What you should do:
For each line below that contains the word "andP", make a copy.

Supplied data:

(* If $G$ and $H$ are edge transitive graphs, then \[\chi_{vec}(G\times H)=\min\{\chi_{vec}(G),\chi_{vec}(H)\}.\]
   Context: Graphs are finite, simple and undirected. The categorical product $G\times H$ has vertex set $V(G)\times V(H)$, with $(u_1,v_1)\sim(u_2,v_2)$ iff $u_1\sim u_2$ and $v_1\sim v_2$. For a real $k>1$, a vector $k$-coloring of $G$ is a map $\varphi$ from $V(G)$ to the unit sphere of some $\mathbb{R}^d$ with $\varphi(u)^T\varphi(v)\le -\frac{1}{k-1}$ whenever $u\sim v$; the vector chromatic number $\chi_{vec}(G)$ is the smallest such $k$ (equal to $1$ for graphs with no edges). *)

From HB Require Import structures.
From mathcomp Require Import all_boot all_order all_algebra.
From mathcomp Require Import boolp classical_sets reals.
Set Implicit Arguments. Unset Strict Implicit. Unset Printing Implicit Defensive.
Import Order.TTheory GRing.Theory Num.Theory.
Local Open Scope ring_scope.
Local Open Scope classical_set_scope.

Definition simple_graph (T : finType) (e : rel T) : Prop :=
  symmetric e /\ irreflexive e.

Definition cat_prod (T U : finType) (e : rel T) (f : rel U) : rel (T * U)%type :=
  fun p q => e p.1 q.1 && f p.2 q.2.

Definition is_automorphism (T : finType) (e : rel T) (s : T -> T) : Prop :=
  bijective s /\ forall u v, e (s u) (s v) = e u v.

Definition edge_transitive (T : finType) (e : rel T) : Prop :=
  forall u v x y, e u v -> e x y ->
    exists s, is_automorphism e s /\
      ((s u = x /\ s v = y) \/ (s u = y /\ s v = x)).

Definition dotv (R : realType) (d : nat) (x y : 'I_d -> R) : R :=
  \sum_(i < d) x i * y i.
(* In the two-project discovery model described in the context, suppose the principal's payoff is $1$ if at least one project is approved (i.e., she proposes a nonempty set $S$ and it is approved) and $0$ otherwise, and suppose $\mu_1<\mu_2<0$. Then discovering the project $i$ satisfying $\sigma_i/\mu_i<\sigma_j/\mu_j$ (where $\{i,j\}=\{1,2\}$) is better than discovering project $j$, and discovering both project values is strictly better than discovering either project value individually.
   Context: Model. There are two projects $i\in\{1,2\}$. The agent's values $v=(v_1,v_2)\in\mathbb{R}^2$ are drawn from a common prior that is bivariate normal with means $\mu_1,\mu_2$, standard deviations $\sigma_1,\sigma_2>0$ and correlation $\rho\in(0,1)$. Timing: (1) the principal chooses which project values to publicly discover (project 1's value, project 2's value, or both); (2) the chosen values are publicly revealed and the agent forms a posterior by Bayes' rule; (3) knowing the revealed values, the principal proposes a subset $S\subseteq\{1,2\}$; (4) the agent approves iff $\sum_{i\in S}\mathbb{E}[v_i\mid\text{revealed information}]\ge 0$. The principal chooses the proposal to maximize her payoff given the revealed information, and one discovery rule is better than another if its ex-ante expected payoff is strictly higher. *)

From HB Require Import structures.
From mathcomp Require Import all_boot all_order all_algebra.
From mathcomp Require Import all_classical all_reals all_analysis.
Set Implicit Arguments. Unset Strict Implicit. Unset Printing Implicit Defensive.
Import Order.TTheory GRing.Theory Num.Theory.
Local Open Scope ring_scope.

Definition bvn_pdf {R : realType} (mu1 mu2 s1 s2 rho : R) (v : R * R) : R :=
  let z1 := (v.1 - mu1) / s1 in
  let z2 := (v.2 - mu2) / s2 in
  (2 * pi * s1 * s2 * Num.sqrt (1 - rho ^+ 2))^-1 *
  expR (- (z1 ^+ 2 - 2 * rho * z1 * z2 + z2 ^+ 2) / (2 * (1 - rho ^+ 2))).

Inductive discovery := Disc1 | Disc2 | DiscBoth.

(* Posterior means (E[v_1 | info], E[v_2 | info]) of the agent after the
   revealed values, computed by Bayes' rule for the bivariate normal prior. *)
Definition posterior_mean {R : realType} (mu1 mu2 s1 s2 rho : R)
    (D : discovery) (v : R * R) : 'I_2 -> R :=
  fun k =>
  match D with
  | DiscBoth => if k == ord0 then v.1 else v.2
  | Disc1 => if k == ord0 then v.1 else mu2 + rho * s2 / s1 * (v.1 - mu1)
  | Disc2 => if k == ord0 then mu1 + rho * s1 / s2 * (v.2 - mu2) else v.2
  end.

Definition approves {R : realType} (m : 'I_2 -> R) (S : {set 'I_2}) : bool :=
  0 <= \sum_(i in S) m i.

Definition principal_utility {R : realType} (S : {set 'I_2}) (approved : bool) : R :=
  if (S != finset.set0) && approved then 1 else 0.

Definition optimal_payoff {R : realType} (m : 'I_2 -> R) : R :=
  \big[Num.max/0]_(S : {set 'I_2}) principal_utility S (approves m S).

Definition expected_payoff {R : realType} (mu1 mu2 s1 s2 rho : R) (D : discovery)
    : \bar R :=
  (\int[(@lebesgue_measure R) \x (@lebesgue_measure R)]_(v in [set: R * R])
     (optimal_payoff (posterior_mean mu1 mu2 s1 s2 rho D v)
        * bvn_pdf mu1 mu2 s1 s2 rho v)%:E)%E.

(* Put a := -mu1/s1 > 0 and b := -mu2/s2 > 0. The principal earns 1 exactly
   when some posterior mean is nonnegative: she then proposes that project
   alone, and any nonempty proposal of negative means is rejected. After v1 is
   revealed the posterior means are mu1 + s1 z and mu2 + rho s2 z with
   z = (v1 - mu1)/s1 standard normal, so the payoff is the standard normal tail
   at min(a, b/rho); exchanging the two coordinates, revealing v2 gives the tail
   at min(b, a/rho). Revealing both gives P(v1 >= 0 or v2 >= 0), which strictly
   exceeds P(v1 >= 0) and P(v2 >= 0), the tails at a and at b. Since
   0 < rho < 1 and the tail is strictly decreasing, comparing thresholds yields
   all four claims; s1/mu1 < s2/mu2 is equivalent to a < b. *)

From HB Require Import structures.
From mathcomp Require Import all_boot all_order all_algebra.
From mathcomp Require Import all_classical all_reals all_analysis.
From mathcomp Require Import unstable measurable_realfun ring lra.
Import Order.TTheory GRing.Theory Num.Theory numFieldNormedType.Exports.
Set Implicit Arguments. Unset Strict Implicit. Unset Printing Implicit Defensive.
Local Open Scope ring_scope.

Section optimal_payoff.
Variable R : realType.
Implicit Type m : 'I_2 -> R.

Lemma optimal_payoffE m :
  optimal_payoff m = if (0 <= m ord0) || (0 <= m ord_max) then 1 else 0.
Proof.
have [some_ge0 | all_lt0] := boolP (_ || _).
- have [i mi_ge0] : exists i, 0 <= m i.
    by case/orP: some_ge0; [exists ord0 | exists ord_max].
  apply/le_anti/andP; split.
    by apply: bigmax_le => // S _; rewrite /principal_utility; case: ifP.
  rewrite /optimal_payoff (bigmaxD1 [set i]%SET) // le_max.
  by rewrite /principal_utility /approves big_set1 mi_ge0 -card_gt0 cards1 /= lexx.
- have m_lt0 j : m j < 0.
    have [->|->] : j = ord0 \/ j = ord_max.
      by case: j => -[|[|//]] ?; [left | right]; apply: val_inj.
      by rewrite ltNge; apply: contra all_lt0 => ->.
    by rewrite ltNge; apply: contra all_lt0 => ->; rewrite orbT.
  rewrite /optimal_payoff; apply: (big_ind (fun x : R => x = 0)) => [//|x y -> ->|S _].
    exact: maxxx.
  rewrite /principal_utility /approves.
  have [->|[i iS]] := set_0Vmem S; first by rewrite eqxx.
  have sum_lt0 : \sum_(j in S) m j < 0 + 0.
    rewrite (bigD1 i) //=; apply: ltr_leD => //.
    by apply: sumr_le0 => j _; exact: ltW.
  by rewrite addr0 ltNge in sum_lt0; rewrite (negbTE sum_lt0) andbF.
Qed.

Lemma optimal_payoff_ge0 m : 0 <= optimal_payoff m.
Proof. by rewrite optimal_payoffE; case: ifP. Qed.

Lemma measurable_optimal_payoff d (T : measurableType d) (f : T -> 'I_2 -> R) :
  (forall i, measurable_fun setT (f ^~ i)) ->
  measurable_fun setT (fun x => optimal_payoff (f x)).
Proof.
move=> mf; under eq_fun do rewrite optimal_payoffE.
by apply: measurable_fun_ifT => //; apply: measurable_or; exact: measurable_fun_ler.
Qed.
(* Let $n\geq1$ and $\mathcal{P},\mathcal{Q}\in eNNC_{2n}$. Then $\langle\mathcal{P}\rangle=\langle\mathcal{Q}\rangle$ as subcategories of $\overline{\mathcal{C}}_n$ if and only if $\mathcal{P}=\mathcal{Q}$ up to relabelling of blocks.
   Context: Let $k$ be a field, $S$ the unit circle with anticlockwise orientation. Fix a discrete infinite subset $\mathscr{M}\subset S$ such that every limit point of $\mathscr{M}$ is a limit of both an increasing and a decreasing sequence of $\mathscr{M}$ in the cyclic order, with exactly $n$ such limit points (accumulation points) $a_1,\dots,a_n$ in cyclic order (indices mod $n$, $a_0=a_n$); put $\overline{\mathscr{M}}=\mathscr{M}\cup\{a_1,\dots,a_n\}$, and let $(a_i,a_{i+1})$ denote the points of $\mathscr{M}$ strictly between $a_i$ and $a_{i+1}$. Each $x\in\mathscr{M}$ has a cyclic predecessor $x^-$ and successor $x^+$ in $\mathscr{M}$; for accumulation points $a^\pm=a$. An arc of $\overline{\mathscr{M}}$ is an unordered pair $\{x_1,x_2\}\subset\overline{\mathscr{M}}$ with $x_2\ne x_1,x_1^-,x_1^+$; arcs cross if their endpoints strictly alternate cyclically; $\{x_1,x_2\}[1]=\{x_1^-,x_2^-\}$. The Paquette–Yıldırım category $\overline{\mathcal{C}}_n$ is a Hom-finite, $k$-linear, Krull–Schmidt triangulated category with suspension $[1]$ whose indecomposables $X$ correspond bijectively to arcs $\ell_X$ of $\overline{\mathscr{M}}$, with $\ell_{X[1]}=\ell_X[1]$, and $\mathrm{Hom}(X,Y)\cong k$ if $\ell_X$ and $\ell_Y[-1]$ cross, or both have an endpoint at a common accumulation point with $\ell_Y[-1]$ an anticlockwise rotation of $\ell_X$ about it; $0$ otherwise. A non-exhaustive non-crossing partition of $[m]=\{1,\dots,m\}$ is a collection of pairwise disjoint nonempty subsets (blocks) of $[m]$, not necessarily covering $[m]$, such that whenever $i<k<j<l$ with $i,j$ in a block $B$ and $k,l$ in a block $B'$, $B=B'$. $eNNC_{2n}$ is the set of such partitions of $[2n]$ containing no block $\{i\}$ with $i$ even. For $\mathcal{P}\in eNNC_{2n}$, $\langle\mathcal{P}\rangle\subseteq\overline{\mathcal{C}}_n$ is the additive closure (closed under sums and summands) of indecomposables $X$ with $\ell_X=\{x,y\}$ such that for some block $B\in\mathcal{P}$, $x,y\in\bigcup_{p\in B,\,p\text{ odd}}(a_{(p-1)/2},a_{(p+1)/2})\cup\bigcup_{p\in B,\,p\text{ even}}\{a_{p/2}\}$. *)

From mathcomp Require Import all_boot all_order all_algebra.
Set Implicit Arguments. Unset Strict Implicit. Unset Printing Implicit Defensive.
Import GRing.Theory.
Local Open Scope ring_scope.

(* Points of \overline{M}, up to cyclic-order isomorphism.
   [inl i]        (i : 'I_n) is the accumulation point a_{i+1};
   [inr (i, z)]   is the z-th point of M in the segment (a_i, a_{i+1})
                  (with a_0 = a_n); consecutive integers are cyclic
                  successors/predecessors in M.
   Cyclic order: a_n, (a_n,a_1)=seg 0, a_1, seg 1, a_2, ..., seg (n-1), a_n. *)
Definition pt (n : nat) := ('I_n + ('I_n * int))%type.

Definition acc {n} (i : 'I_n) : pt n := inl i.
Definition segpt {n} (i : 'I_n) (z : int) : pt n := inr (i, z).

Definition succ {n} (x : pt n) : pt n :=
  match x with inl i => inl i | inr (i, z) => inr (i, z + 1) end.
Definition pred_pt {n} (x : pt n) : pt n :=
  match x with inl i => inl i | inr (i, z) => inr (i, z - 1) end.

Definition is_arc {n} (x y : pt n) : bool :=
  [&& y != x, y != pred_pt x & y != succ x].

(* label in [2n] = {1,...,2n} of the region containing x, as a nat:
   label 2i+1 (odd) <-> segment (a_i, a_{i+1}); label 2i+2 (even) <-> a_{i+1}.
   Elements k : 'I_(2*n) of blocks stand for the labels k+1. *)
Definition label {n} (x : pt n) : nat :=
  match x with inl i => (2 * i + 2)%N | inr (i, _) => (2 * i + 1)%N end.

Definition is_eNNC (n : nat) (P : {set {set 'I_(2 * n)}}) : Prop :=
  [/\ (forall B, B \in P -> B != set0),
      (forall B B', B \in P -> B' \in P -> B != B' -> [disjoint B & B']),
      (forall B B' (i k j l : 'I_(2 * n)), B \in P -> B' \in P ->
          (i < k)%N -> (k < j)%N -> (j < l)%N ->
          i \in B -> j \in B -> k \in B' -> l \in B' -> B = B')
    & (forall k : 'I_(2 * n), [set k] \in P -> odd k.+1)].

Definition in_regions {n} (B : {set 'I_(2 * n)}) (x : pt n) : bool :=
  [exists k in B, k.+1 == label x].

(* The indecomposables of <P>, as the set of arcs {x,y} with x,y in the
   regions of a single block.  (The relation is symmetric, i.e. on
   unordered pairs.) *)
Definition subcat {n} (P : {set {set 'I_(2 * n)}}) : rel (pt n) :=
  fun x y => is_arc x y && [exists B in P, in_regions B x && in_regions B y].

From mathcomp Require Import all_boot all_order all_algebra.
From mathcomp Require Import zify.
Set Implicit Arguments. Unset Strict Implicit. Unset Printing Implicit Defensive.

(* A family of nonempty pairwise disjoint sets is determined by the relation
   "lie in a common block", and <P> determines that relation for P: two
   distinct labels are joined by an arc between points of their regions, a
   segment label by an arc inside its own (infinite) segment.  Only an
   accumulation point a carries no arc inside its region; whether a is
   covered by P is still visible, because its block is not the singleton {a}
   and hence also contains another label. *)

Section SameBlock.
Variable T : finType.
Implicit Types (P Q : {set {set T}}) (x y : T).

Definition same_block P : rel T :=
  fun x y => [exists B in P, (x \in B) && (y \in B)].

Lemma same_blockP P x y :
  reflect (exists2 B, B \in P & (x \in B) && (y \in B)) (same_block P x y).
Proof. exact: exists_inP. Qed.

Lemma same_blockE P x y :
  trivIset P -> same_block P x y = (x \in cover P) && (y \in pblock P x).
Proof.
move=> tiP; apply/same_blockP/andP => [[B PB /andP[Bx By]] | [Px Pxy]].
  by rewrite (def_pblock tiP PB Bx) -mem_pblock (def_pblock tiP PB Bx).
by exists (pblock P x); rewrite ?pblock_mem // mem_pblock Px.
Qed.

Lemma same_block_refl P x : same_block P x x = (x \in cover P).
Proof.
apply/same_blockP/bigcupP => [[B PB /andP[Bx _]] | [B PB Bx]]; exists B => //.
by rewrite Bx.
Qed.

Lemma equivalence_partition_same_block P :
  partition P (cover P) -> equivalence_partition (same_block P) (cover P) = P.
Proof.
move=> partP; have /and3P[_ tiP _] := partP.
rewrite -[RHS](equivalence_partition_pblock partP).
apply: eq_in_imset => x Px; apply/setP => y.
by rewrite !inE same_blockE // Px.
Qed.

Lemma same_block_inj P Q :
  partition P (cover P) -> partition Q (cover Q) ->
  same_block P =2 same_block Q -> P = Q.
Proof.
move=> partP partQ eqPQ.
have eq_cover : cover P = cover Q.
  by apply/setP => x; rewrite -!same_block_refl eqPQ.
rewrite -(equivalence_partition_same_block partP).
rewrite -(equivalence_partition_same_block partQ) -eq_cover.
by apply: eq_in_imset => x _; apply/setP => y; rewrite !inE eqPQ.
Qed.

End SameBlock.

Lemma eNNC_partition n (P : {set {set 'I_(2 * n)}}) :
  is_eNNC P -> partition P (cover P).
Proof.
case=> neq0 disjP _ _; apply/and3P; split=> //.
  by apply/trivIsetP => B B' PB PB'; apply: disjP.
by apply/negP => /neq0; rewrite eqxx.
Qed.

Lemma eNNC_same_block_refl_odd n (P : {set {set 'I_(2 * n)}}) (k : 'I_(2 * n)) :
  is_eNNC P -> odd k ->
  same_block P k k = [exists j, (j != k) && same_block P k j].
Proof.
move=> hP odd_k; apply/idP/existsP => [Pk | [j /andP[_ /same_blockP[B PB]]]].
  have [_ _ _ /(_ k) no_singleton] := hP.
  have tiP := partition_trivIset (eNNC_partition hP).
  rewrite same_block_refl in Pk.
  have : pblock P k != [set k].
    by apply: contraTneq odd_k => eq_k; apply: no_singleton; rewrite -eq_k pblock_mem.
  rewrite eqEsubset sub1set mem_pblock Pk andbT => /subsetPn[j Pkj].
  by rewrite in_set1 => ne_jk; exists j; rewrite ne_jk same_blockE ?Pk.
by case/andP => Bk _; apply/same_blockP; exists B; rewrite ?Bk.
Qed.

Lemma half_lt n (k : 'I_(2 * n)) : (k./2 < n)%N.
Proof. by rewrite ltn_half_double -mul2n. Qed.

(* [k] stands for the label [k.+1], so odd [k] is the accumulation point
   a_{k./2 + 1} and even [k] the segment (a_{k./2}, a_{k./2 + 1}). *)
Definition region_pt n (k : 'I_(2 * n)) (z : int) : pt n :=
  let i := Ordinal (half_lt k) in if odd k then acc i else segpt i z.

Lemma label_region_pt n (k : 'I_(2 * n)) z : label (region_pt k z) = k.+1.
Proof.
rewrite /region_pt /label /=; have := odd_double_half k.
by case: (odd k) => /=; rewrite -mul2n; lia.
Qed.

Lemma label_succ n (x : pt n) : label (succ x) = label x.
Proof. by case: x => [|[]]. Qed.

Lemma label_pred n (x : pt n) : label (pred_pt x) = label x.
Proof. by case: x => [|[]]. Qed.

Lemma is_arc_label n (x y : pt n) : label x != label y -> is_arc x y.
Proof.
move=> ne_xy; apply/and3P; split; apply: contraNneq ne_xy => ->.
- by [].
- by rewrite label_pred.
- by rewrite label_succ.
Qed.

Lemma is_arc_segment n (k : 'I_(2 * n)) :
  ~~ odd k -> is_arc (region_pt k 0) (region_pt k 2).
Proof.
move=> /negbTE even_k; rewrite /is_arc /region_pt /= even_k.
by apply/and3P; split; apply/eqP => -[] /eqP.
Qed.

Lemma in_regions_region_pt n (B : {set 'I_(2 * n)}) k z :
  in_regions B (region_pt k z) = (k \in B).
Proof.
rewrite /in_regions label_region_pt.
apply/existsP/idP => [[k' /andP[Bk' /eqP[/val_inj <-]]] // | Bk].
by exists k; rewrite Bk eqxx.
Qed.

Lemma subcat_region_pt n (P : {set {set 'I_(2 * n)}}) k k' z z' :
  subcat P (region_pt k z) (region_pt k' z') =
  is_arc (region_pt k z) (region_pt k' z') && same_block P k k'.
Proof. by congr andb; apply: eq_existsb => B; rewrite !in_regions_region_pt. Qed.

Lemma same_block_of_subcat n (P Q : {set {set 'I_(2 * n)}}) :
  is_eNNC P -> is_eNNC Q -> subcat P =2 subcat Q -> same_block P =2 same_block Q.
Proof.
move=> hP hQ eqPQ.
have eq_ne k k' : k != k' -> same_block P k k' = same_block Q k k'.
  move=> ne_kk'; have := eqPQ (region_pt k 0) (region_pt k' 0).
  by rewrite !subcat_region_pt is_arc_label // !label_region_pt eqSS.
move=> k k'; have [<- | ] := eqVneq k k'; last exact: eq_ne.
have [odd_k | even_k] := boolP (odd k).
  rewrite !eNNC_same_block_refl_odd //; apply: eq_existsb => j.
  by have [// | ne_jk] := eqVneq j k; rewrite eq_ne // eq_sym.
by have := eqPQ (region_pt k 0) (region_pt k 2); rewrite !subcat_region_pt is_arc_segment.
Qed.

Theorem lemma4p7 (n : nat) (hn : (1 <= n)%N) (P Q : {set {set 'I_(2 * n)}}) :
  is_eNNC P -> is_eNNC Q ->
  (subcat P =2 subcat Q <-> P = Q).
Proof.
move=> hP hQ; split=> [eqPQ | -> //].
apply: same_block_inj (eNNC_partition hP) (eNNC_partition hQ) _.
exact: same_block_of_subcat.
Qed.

Task response:
  apply/le_anti/andP; split.
move=> tiP; apply/same_blockP/andP => [[B PB /andP[Bx By]] | [Px Pxy]].
apply/same_blockP/bigcupP => [[B PB /andP[Bx _]] | [B PB Bx]]; exists B => //.
move=> hP odd_k; apply/idP/existsP => [Pk | [j /andP[_ /same_blockP[B PB]]]].
by case/andP => Bk _; apply/same_blockP; exists B; rewrite ?Bk.
apply/existsP/idP => [[k' /andP[Bk' /eqP[/val_inj <-]]] // | Bk].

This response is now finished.